Lemma restr_catP (H : k <= k + m) (s : P k) (t : P m) : restr H (catP s t) = s.
Proof.
apply/ffunP=> i; rewrite ffunE -(catP_lshift s t i); congr (catP s t _).
exact: val_inj.
Qed.

Lemma tailP_catP (s : P k) (t : P m) : tailP (catP s t) = t.
Proof. by apply/ffunP=> i; rewrite ffunE catP_rshift. Qed.

Lemma lt_at_catP_l (s s' : P k) (t : P m) p :
  lt_at s s' p -> (forall j, t j < 2) -> lt_at (catP s t) (catP s' t) (lshift m p).
Proof.
case=> Hss' [[Hafter Hp] Hev] Hsp Ht; split; last by rewrite !catP_lshift.
- move=> i Hi; rewrite !ffunE; case: splitP => j Ej //.
  by apply: Hss'; apply: contra Hi => /eqP E; apply/eqP/val_inj; rewrite /= Ej E.
- rewrite /lower_at /top_at catP_lshift; split=> //; split=> // i Hi.
  by rewrite ffunE; case: splitP => j Ej //; apply: Hafter; rewrite -Ej.
Qed.

Lemma lt_at_catP_r (s : P k) (t t' : P m) j :
  lt_at t t' j -> (t j : nat) = 2 -> lt_at (catP s t) (catP s t') (rshift k j).
Proof.
case=> Htt' [[Hafter _] Hev] Htj Ht2; split; last by rewrite !catP_rshift.
- move=> i Hi; rewrite !ffunE; case: splitP => j' Ej //.
  by apply: Htt'; apply: contra Hi => /eqP E; apply/eqP/val_inj; rewrite /= Ej E.
- rewrite /lower_at /top_at catP_rshift Ht2; split=> //; split; last by left.
  move=> i Hi; rewrite ffunE; case: splitP => j' Ej.
  + by have := ltn_ord j'; move: Hi; rewrite Ej /=; lia.
  + by apply: Hafter; move: Hi; rewrite Ej /=; lia.
Qed.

==============================

## Exercise objective
Copy every line in the entries above that has the string "Lemma" in it.

## Exercise response
Lemma restr_catP (H : k <= k + m) (s : P k) (t : P m) : restr H (catP s t) = s.
Lemma tailP_catP (s : P k) (t : P m) : tailP (catP s t) = t.
Lemma lt_at_catP_l (s s' : P k) (t : P m) p :
Lemma lt_at_catP_r (s : P k) (t t' : P m) j :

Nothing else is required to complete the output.